» Your instructions
Please give nothing except the number of lines in the records below that include the word "have".

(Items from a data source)
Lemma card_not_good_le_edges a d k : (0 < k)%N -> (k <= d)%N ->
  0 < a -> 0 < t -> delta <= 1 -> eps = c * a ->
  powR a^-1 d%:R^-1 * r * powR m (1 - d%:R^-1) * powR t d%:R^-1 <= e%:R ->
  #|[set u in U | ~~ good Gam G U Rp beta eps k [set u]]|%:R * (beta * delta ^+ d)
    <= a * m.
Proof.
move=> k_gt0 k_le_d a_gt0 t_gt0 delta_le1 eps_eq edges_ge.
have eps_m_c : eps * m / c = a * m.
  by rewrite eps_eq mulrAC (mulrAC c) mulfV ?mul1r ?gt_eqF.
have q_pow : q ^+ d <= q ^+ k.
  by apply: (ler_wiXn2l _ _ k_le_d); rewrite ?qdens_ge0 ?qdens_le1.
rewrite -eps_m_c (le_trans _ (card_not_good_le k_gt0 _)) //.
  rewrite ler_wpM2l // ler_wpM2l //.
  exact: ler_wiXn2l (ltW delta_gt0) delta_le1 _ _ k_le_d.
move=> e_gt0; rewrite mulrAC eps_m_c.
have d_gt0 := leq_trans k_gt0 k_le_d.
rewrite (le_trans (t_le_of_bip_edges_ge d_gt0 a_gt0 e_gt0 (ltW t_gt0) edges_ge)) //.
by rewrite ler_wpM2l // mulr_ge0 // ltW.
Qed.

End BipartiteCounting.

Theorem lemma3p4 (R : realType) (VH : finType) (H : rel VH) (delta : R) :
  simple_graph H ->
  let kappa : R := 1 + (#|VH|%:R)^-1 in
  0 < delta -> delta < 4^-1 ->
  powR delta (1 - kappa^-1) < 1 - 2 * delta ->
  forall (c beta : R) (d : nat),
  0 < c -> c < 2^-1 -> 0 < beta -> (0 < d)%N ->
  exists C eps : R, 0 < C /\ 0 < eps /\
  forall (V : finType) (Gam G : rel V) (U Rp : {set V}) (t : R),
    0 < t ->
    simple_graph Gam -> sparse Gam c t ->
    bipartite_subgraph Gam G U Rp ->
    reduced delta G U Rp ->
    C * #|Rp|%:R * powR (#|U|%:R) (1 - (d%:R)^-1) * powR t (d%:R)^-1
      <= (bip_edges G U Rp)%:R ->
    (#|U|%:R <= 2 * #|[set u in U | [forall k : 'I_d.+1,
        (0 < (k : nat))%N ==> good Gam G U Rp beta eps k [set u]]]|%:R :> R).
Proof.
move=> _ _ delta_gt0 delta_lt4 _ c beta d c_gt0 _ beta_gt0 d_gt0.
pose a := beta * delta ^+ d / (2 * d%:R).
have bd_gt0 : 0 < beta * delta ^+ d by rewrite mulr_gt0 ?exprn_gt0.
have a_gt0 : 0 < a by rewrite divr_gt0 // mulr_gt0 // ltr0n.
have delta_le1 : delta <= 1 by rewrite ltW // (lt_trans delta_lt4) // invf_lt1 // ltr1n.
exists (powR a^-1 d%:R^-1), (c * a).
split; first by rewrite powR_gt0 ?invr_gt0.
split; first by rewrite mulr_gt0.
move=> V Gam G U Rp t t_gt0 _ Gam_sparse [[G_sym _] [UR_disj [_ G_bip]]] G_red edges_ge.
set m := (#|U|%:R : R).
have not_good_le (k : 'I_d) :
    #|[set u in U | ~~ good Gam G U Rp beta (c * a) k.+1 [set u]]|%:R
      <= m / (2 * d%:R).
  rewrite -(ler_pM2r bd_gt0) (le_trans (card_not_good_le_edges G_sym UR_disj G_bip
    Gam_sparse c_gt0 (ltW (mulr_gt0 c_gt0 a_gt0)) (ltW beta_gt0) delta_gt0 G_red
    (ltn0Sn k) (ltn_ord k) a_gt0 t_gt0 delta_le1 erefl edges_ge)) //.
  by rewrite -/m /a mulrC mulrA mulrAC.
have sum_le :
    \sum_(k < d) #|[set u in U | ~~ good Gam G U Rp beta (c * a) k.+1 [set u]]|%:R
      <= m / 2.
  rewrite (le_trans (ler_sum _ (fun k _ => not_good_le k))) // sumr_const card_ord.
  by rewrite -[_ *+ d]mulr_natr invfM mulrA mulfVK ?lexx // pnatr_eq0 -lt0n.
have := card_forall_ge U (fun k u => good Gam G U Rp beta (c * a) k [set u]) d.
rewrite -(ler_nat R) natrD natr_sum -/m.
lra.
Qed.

» Answer space
9